Photo: Morgan Tepsic. Does that mean South Korea has Taco Bells?

I usually try to steer clear of the marketing crud, but this is too bizarre to pass up. Taco Bell, anxious to jump on this whole “indie music” bandwagon, is using the only currency it has: combinations of refried beans, cheese, rehydrated ground meat, and tortillas.

Here’s the plan: they find 100 bands, and give them $500 in Taco Bell food while they’re on tour — just in case the burritos were the one thing breaking your tour budget. (Okay, there is that whole fuel cost and lodging thing, but get some bikes and a tent and you should be fine.)

The grand prize: the kind of fame that can only come from including hot sauce packets in your marketing plan. And to think, all this time people have been chasing music press and blogs and word of mouth and such. PR helpfully tell us that they’ll get “a well-known indie rock producer” to record the single. (Wait — aren’t “indie” and “well-known producer” supposed to be mutually exclusive?) But it’s really the hot sauce packets that seal the deal:

The singles will then be promoted on and through online advertising and in-store efforts in the Spring of 2009, as the Web site address will be featured on Taco Bell’s iconic Sauce Packet, which reaches more than 208 million people in about a month.

Oddly, talking about this has only made me hungry. I know, I know — I’ll try to find a real burrito, not a Taco Bell.

If a CDM reader happens to win this, we’ll be proud to see your name in lights extra spicy.

Reader Mark notes that, as covered in Pitchfork, Girl Talk got the right idea after last year’s contest and shared their taco winnings with fans. Now that’s good publicity.

Readers: got better ideas for viral condiment marketing? (Oooh, wait, I shouldn’t say the word “viral” in the same breath as a fast food joint, should I?)
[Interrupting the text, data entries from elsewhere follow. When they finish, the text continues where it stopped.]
(* For [j < 2], [rem_X2 z j l] is the coefficient of [X^j] in [X^l] modulo [X^2 - z]. *)
Definition rem_X2 z (j l : nat) : K := if odd l == odd j then z ^+ l./2 else 0.

Lemma rem_X2S0 z l : rem_X2 z 0 l.+1 = z * rem_X2 z 1 l.
Proof.
by rewrite /rem_X2 /= uphalf_half; case: (odd l); rewrite ?mulr0 // add1n exprS.
Qed.

Lemma rem_X2S1 z l : rem_X2 z 1 l.+1 = rem_X2 z 0 l.
Proof. by rewrite /rem_X2 /= uphalf_half; case: (odd l). Qed.

Lemma rem_X2SS z j l : rem_X2 z j l.+2 = z * rem_X2 z j l.
Proof. by rewrite /rem_X2 /= negbK; case: ifP; rewrite ?mulr0 // exprS. Qed.

Lemma horner_even_poly_rem_X2 p z N : (size p <= N)%N ->
  \sum_(l < N) p`_l * rem_X2 z 0 l = (even_poly p).[z].
Proof.
move=> le_p_N; rewrite sum_coef_narrow // -(sum_coef_narrow _ (leq_double_self _)).
rewrite (even_polyE (leq_double_self _)) horner_poly.
rewrite (sum_ord_double _ (fun l => p`_l * rem_X2 z 0 l)).
by apply: eq_bigr => i _; rewrite /rem_X2 /= odd_double doubleK mulr0 addr0.
Qed.

Lemma horner_odd_poly_rem_X2 p z N : (size p <= N)%N ->
  \sum_(l < N) p`_l * rem_X2 z 1 l = (odd_poly p).[z].
Proof.
move=> le_p_N; rewrite sum_coef_narrow // -(sum_coef_narrow _ (leq_double_self _)).
rewrite (odd_polyE (leqW (leq_double_self _))) horner_poly.
rewrite (sum_ord_double _ (fun l => p`_l * rem_X2 z 1 l)).
by apply: eq_bigr => i _; rewrite /rem_X2 /= odd_double uphalf_double mulr0 add0r.
Qed.

Lemma horner_pFrobenius_pchar2 (pchar2 : (2 \in [pchar K])%N) p z :
  (even_poly p).[z] ^+ 2 - z * (odd_poly p).[z] ^+ 2
    = (map_poly (pFrobenius_aut pchar2) p).[z].
Proof.
set F := pFrobenius_aut pchar2.
have hornerF q : (map_poly F q).[z ^+ 2] = q.[z] ^+ 2.
  by rewrite -pFrobenius_autE horner_map.
rewrite -[in RHS](poly_even_odd p) rmorphD rmorphM /= !map_comp_poly.
rewrite rmorphXn /= map_polyX hornerD hornerM !horner_comp hornerX hornerXn.
by rewrite !hornerF (oppr_pchar2 pchar2) mulrC.
Qed.

End EvenOddParts.

Section SylvesterQuadratic.
Variable K : comNzRingType.

Lemma det_castmx n n' (e : n = n') (A : 'M[K]_n) : \det (castmx (e, e) A) = \det A.
Proof. by case: n' / e in A *; rewrite castmx_id. Qed.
  • Last Year, Ted Leo and Enon won. The only problem, neither of them entered and Leo is a staunch Vegan.

  • jane

    The genius advertising minds at T3 in Austin, tx are behind this gem. Seriously guys, come up with something good next time.

  • Les

    It turns out that biking with music touring gear + bike touring gear is kind of unmanageable. (Alas, don't ask.)
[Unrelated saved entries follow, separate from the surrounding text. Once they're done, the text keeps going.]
Definition Phi_tan (Tu Tv A B : R) : R := ((1 + Tv ^ 2) * A - (1 + Tu ^ 2) * B) / (2 * (Tu + Tv)).

Definition Phi_tan_deriv (Tu Tv A B du dv dA dB : R) : R :=
  ((2 * Tv * (1 + Tv ^ 2) * dv * A + (1 + Tv ^ 2) * dA
    - 2 * Tu * (1 + Tu ^ 2) * du * B - (1 + Tu ^ 2) * dB) * (2 * (Tu + Tv))
   - ((1 + Tv ^ 2) * A - (1 + Tu ^ 2) * B) * (2 * ((1 + Tu ^ 2) * du + (1 + Tv ^ 2) * dv)))
  / (2 * (Tu + Tv)) ^ 2.

Lemma sin_add_neq0 (u v : R) :
  cos u <> 0 -> cos v <> 0 -> tan u + tan v <> 0 -> sin u * cos v + sin v * cos u <> 0.
Proof.
  intros Hu Hv Ht E. apply Ht. unfold tan.
  replace (sin u / cos u + sin v / cos v) with ((sin u * cos v + sin v * cos u) / (cos u * cos v))
    by (field; auto).
  rewrite E. unfold Rdiv. ring.
Qed.

Lemma Phi_half_eq_tan (u v A B : R) :
  cos u <> 0 -> cos v <> 0 -> tan u + tan v <> 0 -> Phi_half u v A B = Phi_tan (tan u) (tan v) A B.
Proof.
  intros Hu Hv Ht. assert (Hs := sin_add_neq0 u v Hu Hv Ht).
  unfold Phi_half, Phi_tan. rewrite !tan_sq_plus1 by auto. rewrite sin_plus.
  unfold tan in *. field. repeat split; auto.
Qed.

Lemma is_derive_Phi_tan_comp_tan (u v A B du dv dA dB : R) :
  cos u <> 0 -> cos v <> 0 -> tan u + tan v <> 0 ->
  is_derive (fun t => Phi_tan (tan (u + t * du)) (tan (v + t * dv)) (A + t * dA) (B + t * dB)) 0
    (Phi_tan_deriv (tan u) (tan v) A B du dv dA dB).
Proof.
  intros Hu Hv Ht. assert (Hs := sin_add_neq0 u v Hu Hv Ht).
  unfold Phi_tan, Phi_tan_deriv, tan in *. auto_derive; rewrite !Rmult_0_l, !Rplus_0_r.
  - repeat split; auto.
  - field. repeat split; auto.
Qed.

Lemma is_derive_Phi_half (u v A B du dv dA dB : R) :
  cos u <> 0 -> cos v <> 0 -> tan u + tan v <> 0 ->
  is_derive (fun t => Phi_half (u + t * du) (v + t * dv) (A + t * dA) (B + t * dB)) 0
    (Phi_tan_deriv (tan u) (tan v) A B du dv dA dB).
Proof.
  intros Hu Hv Ht.
  apply is_derive_ext_loc with
    (f := fun t => Phi_tan (tan (u + t * du)) (tan (v + t * dv)) (A + t * dA) (B + t * dB)).
  2: now apply is_derive_Phi_tan_comp_tan.
  assert (Cu : locally 0 (fun t => cos (u + t * du) <> 0)).
  { apply (locally_neq0_of_ex_derive (fun t => cos (u + t * du))); [auto_derive|]; auto.
    now rewrite Rmult_0_l, Rplus_0_r. }
  assert (Cv : locally 0 (fun t => cos (v + t * dv) <> 0)).
  { apply (locally_neq0_of_ex_derive (fun t => cos (v + t * dv))); [auto_derive|]; auto.
    now rewrite Rmult_0_l, Rplus_0_r. }
  assert (Ct : locally 0 (fun t => tan (u + t * du) + tan (v + t * dv) <> 0)).
  { apply (locally_neq0_of_ex_derive (fun t => tan (u + t * du) + tan (v + t * dv))).
    - unfold tan. auto_derive. now rewrite !Rmult_0_l, !Rplus_0_r.
    - now rewrite !Rmult_0_l, !Rplus_0_r. }
  generalize (filter_and _ _ Cu (filter_and _ _ Cv Ct)). apply filter_imp.
  intros t [H1 [H2 H3]]. symmetry. now apply Phi_half_eq_tan.
Qed.

Definition Phi_tan_at (x : pt) (i : nat) : R :=
  Phi_tan (tgap x (i + 2)) (tgap x i) (pp x (i + 1) + pp x i) (pp x (i + 2) + pp x i).

Lemma in_P3_tgap_sum_neq0 (x : pt) (i j : nat) : in_P3 x -> tgap x i + tgap x j <> 0.
Proof.
  intros Hx. assert (Hi := proj2 (in_P3_tgap_pos x Hx i)).
  assert (Hj := proj2 (in_P3_tgap_pos x Hx j)). lra.
Qed.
  • "…and Leo is a staunch Vegan."

    Good thing the stuff Taco Bell uses doesn't pass for real meat. Heyoo! Zing!

  • how about Sriracha-sponsored dj battles?

  • violet

    Your post made me hungry for Taco Bell. Its cool that they're reaching out to aspiring bands too.

    I once met a guy from the Taco Bell marketing team. I asked him what was up behind their "talking" sauce packet campaign. He said, "we're trying to create a two way dialogue". It was then, I looked him straight in the eye, raised my eyebrow and skeptically said, "with a sauce packet?" He look flabbergasted.


  • Vanceg

    NICE one NewMiracle. I remember vegans I knew in school drinking McDonalds shakes claiming they had no milk in them…. like I'd trust THAT?

  • 4lefts

    i used to work for maccas. there's definitely milk in those shakes. and a shitload of fat. and sugar.

  • i need tacos!

    i need them or i will explode.

  • Darren Landrum

    The term "viral condiment marketing" is definitely one I never expected to hear in, well, pretty much my entire lifetime. It's surely a Carlin-esque sentence that has never been uttered before.
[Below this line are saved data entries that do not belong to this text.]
(* Let $M$ be a finitely generated permutable monoid. Then the language $\{a^nb^n : n\ge1\}^*$ over $\{a,b\}$ does not belong to $\mathfrak{L}_{Rat}(M)$.
   Context: A monoid $M$ is permutable if for some $n\ge 2$, for all $s_1,\dots,s_n\in M$ there is a non-identity permutation $\sigma$ of $\{1,\dots,n\}$ with $s_1\cdots s_n=s_{\sigma(1)}\cdots s_{\sigma(n)}$. An $M$-automaton is a tuple $(Q,\Sigma,M,\delta,q_0,Q_a)$ with finite state set, input alphabet $\Sigma$, initial state $q_0$, accept states $Q_a$, and $\delta: Q\times(\Sigma\cup\{\varepsilon\})\to\mathbb{P}(Q\times M)$ finite-valued; $(q',m)\in\delta(q,\sigma)$ means reading $\sigma$ in state $q$ it may go to $q'$ and multiply the register on the right by $m$. A rational monoid automaton over $M$ is an $M$-automaton with rational subsets $I_0,I_1\subseteq M$; $w$ is accepted if some computation reading $w$ from $q_0$ to an accept state has register product $x$ with $x_0x\in I_1$ for some $x_0\in I_0$. $\mathfrak{L}_{Rat}(M)$ is the family of languages so accepted. *)

From mathcomp Require Import all_boot all_fingroup.
From Stdlib Require List.
Set Implicit Arguments.
Unset Strict Implicit.
Unset Printing Implicit Defensive.

Record monoid := Monoid {
  mcarrier :> Type;
  mmul : mcarrier -> mcarrier -> mcarrier;
  mone : mcarrier;
  mmulA : forall x y z, mmul x (mmul y z) = mmul (mmul x y) z;
  mmul1l : forall x, mmul mone x = x;
  mmul1r : forall x, mmul x mone = x
}.

Definition mprod (M : monoid) (l : list M) : M := List.fold_right (@mmul M) (mone M) l.

Definition finitely_generated (M : monoid) : Prop :=
  exists gens : list M, forall x : M,
    exists l : list M, (forall g, List.In g l -> List.In g gens) /\ mprod l = x.

Definition permutable (M : monoid) : Prop :=
  exists n : nat, 2 <= n /\
    forall s : 'I_n -> M, exists sigma : {perm 'I_n},
      sigma != 1%g /\
      mprod (map s (enum 'I_n)) = mprod (map (fun i => s (sigma i)) (enum 'I_n)).

Inductive ratexp (M : monoid) : Type :=
| REmpty : ratexp M
| RElt : M -> ratexp M
| RUnion : ratexp M -> ratexp M -> ratexp M
| RProd : ratexp M -> ratexp M -> ratexp M
| RStar : ratexp M -> ratexp M.

Fixpoint rsem (M : monoid) (e : ratexp M) : M -> Prop :=
  match e with
  | REmpty => fun _ => False
  | RElt m => fun x => x = m
  | RUnion e1 e2 => fun x => rsem e1 x \/ rsem e2 x
  | RProd e1 e2 => fun x => exists y z, rsem e1 y /\ rsem e2 z /\ x = mmul y z
  | RStar e1 => fun x => exists l : list M,
                  (forall y, List.In y l -> rsem e1 y) /\ x = mprod l
  end.

(* the rational subsets: smallest family containing finite sets and closed
   under union, product and Kleene star *)
Definition rational (M : monoid) (X : M -> Prop) : Prop :=
  exists e : ratexp M, forall x, X x <-> rsem e x.

Record mautomaton (M : monoid) (Sigma : Type) := MAutomaton {
  state : finType;
  (* delta q (Some a) / delta q None (epsilon): finite list of (q', m) *)
  delta : state -> option Sigma -> list (state * M);
  q0 : state;
  accepting : state -> Prop
}.
Arguments delta {M Sigma} A _ _ : rename.
Arguments accepting {M Sigma} A _ : rename.
Arguments q0 {M Sigma} A : rename.
Arguments state {M Sigma} A : rename.

(* run A q w x q' : from q, reading w, the automaton can reach q' with
   register product x (register starts at 1, multiplied on the right) *)
Inductive run (M : monoid) (Sigma : Type) (A : mautomaton M Sigma) :
  state A -> list Sigma -> M -> state A -> Prop :=
| run_nil : forall q, @run M Sigma A q nil (mone M) q
| run_letter : forall q a q1 m w x q',
    List.In (q1, m) (delta A q (Some a)) -> @run M Sigma A q1 w x q' ->
    @run M Sigma A q (a :: w) (mmul m x) q'
| run_eps : forall q q1 m w x q',
    List.In (q1, m) (delta A q None) -> @run M Sigma A q1 w x q' ->
    @run M Sigma A q w (mmul m x) q'.

Definition rat_accepts (M : monoid) (Sigma : Type) (A : mautomaton M Sigma)
  (I0 I1 : M -> Prop) (w : list Sigma) : Prop :=
  exists (q : state A) (x : M), @run M Sigma A (q0 A) w x q /\ accepting A q /\
    exists x0, I0 x0 /\ I1 (mmul x0 x).

Definition in_LRat (M : monoid) (Sigma : Type) (L : list Sigma -> Prop) : Prop :=
  exists (A : mautomaton M Sigma) (I0 I1 : M -> Prop),
    rational I0 /\ rational I1 /\ forall w, L w <-> rat_accepts A I0 I1 w.

Inductive ab : Type := La | Lb.

Inductive anbn_star : list ab -> Prop :=
| anbn_nil : anbn_star nil
| anbn_cons : forall n w, 1 <= n -> anbn_star w ->
    anbn_star (nseq n La ++ nseq n Lb ++ w).

From HB Require Import structures.
From mathcomp Require Import all_boot all_fingroup zify.
Set Implicit Arguments.
Unset Strict Implicit.
Unset Printing Implicit Defensive.

(* The word (ab)(a^2b^2)...(a^kb^k) of the language factors as
   R_0 R_1 ... R_(k-1) b^k with rungs R_i = b^i a^(i+1). Along an accepting
   run of an automaton with N states, if k > N n, the pigeonhole principle
   gives cut points c_0 < ... < c_n between rungs at which the run is in the
   same state, so the run contains n consecutive loops. Permutability of
   degree n reorders these loops non-trivially without changing the register,
   so the reordered word is accepted as well. At the first loop that moved, a
   factor a^(c_t) ends up followed by b^(c_j) with c_j <> c_t, so the new word
   is not in the language. *)

HB.instance Definition _ (M : monoid) :=
  Monoid.isLaw.Build M (mone M) (@mmul M) (@mmulA M) (@mmul1l M) (@mmul1r M).

Lemma mprodE (M : monoid) (l : seq M) : mprod l = \big[@mmul M/mone M]_(x <- l) x.
Proof. by elim: l => [|x l IHl]; rewrite ?big_nil // big_cons -IHl. Qed.

Lemma big_nat_chunks (R : Type) (idx : R) (op : Monoid.law idx)
    (c : nat -> nat) (F : nat -> R) t :
  (forall i j, i <= j <= t -> c i <= c j) ->
  \big[op/idx]_(0 <= j < t) \big[op/idx]_(c j <= i < c j.+1) F i
    = \big[op/idx]_(c 0 <= i < c t) F i.
Proof.
elim: t => [|t IHt] c_le; first by rewrite !big_geq.
rewrite big_nat_recr //= IHt => [|i j le_ijt]; last by apply: c_le; lia.
by rewrite -big_cat_nat //; apply: c_le; lia.
Qed.

Lemma pigeonhole_count (T : finType) (f : nat -> T) (s : seq nat) n :
  #|T| * n < size s -> exists q, n < count (fun i => f i == q) s.
Proof.
move=> large; have [q|small] := pickP (fun q => n < count (fun i => f i == q) s).
  by exists q.
suff: size s <= #|T| * n by rewrite leqNgt large.
rewrite -sum1_size (partition_big f predT) //= -sum_nat_const.
by apply: leq_sum => q _; rewrite sum1_count leqNgt small.
Qed.

Lemma pigeonhole_chain (T : finType) (f : nat -> T) n k : #|T| * n < k ->
  exists c : nat -> nat,
    [/\ forall i j, i < j <= n -> c i < c j, 0 < c 0, c n <= k
      & forall j, j <= n -> f (c j) = f (c 0)].
Proof.
rewrite -{1}(size_iota 1 k) => /(pigeonhole_count f)[q]; rewrite -size_filter.
set F := filter _ _ => large.
have F_sorted : sorted ltn F := sorted_filter ltn_trans _ (iota_ltn_sorted 1 k).
have F_nth j : j <= n -> [/\ 0 < nth 0 F j, nth 0 F j <= k & f (nth 0 F j) = q].
  move=> le_jn; have := mem_nth 0 (leq_ltn_trans le_jn large).
  by rewrite mem_filter mem_iota => /andP[/eqP-> /andP[? ?]]; split=> //; lia.
exists (nth 0 F); split.
- move=> i j /andP[lt_ij le_jn].
  by apply: (sorted_ltn_nth ltn_trans 0 F_sorted) => //; rewrite inE; lia.
- by have [] := F_nth 0 isT.
- by have [] := F_nth n (leqnn n).
- by move=> j le_jn; have [_ _ ->] := F_nth j le_jn; have [_ _ ->] := F_nth 0 isT.
Qed.

Lemma incr_chain_leq (c : nat -> nat) n :
  (forall i j, i < j <= n -> c i < c j) -> forall i j, i <= j <= n -> c i <= c j.
Proof.
move=> c_lt i j /andP[]; rewrite leq_eqVlt => /orP[/eqP-> //|lt_ij le_jn].
by rewrite ltnW ?c_lt ?lt_ij.
Qed.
    The only thing I can think of like that is for a band's web site to get flogged on the slips of paper in fortune cookies.

  • kris

    i'd totally sign up for this if i was touring. free food on the road would be a godsend. that and i recently discovered their fresco menu that is far less poisonous than their usual fare. it reminds me of the denny's promotion where they feed a few bands for free as they tour, and they also consult bands for recipes.

    as weird as this whole "corporate restaurant getting involved in music" thing is, it's really a great thing for aspiring bands who might be in danger of going broke.

  • So it comes full circle…. In the 70's David Van Koevering used to put on shows in Taco Bell restaurants promoting the Moog Synthesizer. Taco Bell was just starting up and wanted to build its customer base and Moog obviously wanted to spread the electronic word to Taco lovers. A little bit of cross promotion obviously did them no harm.

    You can read a bit more about it in Pinch and Trocco's excellent Analog Days book. There is also some really good stuff in the Grand Royal Moog special that came out in the 90's.